Market Research Report
The Yearbook of World Electronics Data: Volume 1 - West Europe 2019
|Published by||Reed Electronics Research||Product code||235235|
Delivery time: 1-2 business days
|The Yearbook of World Electronics Data: Volume 1 - West Europe 2019|
|Published: March 31, 2019||Content info:||
In Euro's the production of electronic equipment in Western Europe increased by a forecasted 1.0% in 2018 to Euro 117.8 billion and compared to an increase of 2.6% in the prior year and a decline of 1.7% in 2016. The electronics industry in Western Europe entered 2018 with a strong carry over effect from the previous year, however a slowing economy in both Europe and globally in the second half of the year resulted in slower than expected growth for the year as a whole.

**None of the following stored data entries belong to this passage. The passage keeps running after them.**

(* Let $(E,(\cdot,\cdot),\mathcal H)$ be an extended affine Lie algebra with root system $R$. Then $E$ is tame if and only if for each $\sigma\in R^0$, $$E_\sigma\cap E_c^\perp=Z(E_c)\cap\sum_{\alpha\in R^\times}[E_{\alpha+\sigma},E_{-\alpha}].$$
   Context: All Lie algebras are over $\mathbb C$. An extended affine Lie algebra (EALA) is a triple $(E,(\cdot,\cdot),\mathcal H)$ where $E$ is a Lie algebra, $\mathcal H$ a subalgebra and $(\cdot,\cdot)$ a bilinear form on $E$ such that: (EA1) the form is symmetric, non-degenerate and invariant; (EA2) $\mathcal H$ is finite-dimensional, $E=\bigoplus_{\alpha\in\mathcal H^*}E_\alpha$ with $E_\alpha=\{x:[h,x]=\alpha(h)x\ \forall h\in\mathcal H\}$ and $E_0=\mathcal H$; the root system is $R=\{\alpha:E_\alpha\neq0\}$ (with $E_\beta=0$ for $\beta\notin R$); $t_\alpha\in\mathcal H$ is given by $\alpha(h)=(h,t_\alpha)$, $(\alpha,\beta):=(t_\alpha,t_\beta)$, $R^\times=\{\alpha\in R:(\alpha,\alpha)\neq0\}$, $R^0=R\setminus R^\times$; (EA3) $\mathrm{ad}\,x$ is locally nilpotent for $x\in E_\alpha$, $\alpha\in R^\times$; (EA4) $R$ is discrete; (EA5) $R^\times$ is connected (not a union of two nonempty mutually orthogonal subsets) and every isotropic root is non-isolated. Root systems are assumed reduced. The core $E_c$ is the subalgebra generated by the $E_\alpha$, $\alpha\in R^\times$; $E_c^\perp$ is its orthogonal complement in $E$ and $Z(E_c)$ its center. $E$ is tame if $E_c^\perp=Z(E_c)$ (equivalently $E_c^\perp\subseteq Z(E_c)$). *)

From HB Require Import structures.
From mathcomp Require Import all_boot all_order all_algebra complex.
From mathcomp Require Import Rstruct.
Set Implicit Arguments.
Unset Strict Implicit.
Unset Printing Implicit Defensive.
Import Order.TTheory GRing.Theory Num.Theory.
Local Open Scope ring_scope.

Definition CC : numClosedFieldType := (Rdefinitions.R)[i].

Section EALA.
Variable E : lmodType CC.
Variable br : E -> E -> E.
Variable form : E -> E -> CC.
Variable H : E -> Prop.

Definition is_lie_algebra : Prop :=
  [/\ forall (a : CC) (x y z : E), br (a *: x + y) z = a *: br x z + br y z,
      forall (a : CC) (x y z : E), br z (a *: x + y) = a *: br z x + br z y,
      forall x : E, br x x = 0
    & forall x y z : E, br x (br y z) + br y (br z x) + br z (br x y) = 0].

Definition EA1 : Prop :=
  [/\ forall (a : CC) (x y z : E), form (a *: x + y) z = a * form x z + form y z,
      forall x y : E, form x y = form y x,
      forall x : E, (forall y : E, form x y = 0) -> x = 0
    & forall x y z : E, form (br x y) z = form x (br y z)].

(* Elements of H^* are represented by functions E -> C, only their values
   on H matter. *)
Definition root_space (alpha : E -> CC) (x : E) : Prop :=
  forall h, H h -> br h x = alpha h *: x.

Definition is_root (alpha : E -> CC) : Prop :=
  exists x, root_space alpha x /\ x <> 0.

Definition t_of (alpha : E -> CC) (t : E) : Prop :=
  H t /\ forall h, H h -> alpha h = form h t.

Definition nonisotropic (alpha : E -> CC) : Prop :=
  exists t, t_of alpha t /\ form t t != 0.

Definition Rx (alpha : E -> CC) : Prop := is_root alpha /\ nonisotropic alpha.
Definition R0 (alpha : E -> CC) : Prop := is_root alpha /\ ~ nonisotropic alpha.

Definition orth (alpha beta : E -> CC) : Prop :=
  forall ta tb, t_of alpha ta -> t_of beta tb -> form ta tb = 0.

Definition fadd (f g : E -> CC) : E -> CC := fun x => f x + g x.
Definition fopp (f : E -> CC) : E -> CC := fun x => - f x.
Definition fzero : E -> CC := fun _ => 0.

As in 2017, the shortages of components held back growth in 2018 although the situation has eased in the first months of 2019 and it is expected that availability of most components will improve over the course of the year. Based on current indicators we are forecasting that growth in electronic equipment output in Western Europe will decline by 0.4% in 2019, post growth of 1.5% in 2020 and then accelerate to 2.6% and 2.7% in 2021 and 2022. However, there are significant downside risks that could result in a more substantial decline in 2019 that would carry over into 2020 and delay the rebound to the later part of the year or into the first months of 2021.
The industrial segment which accounted for an estimated 59.5% of electronics equipment output in 2018 will be the main driver of growth over the period to 2022, when it will account 61.0% of the total. Growth in the communications segment if forecast to post growth of 0.8% in 2019 on par with the prior year. Over the period to 2022 the production of communications equipment is expected to benefit from increased defence spending and the opportunities arising from the Internet of Things and the next generation of wireless technologies. Computer output will continue to decline over the forecast period as will the production of video and audio equipment. Germany accounted for 32.9% of electronics equipment output in 2018 and its overall share is expected to edge up over the period to 2022. France and the UK which are traditionally strong in communications will like the majority of countries benefit from the growth in the industrial segment. The restructuring of the communications sector in the Nordic countries, and in particular Finland and Sweden is on-going but the impact should fade over the period to 2022 as recent reorganisations are completed.
In 2017, the production of electronic components in Western Europe amounted to Euro 39.4 billion, 25.1% of overall electronics production, output increasing by 3.1% during the year on the back of rising demand in part due to offset component shortages.
Growth in electronic component production eased to a forecasted 1.0% in 2018, in part due to slowing demand in the later part of the year but also lower output at Intel's fab in Ireland. Of the total in 2018, active components accounted for 55.2%, passive 36.4% and other 8.4% while Germany accounted for the largest share of production at 34.8%, followed by France 15.9%, Italy 10.0% and the UK 8.0%.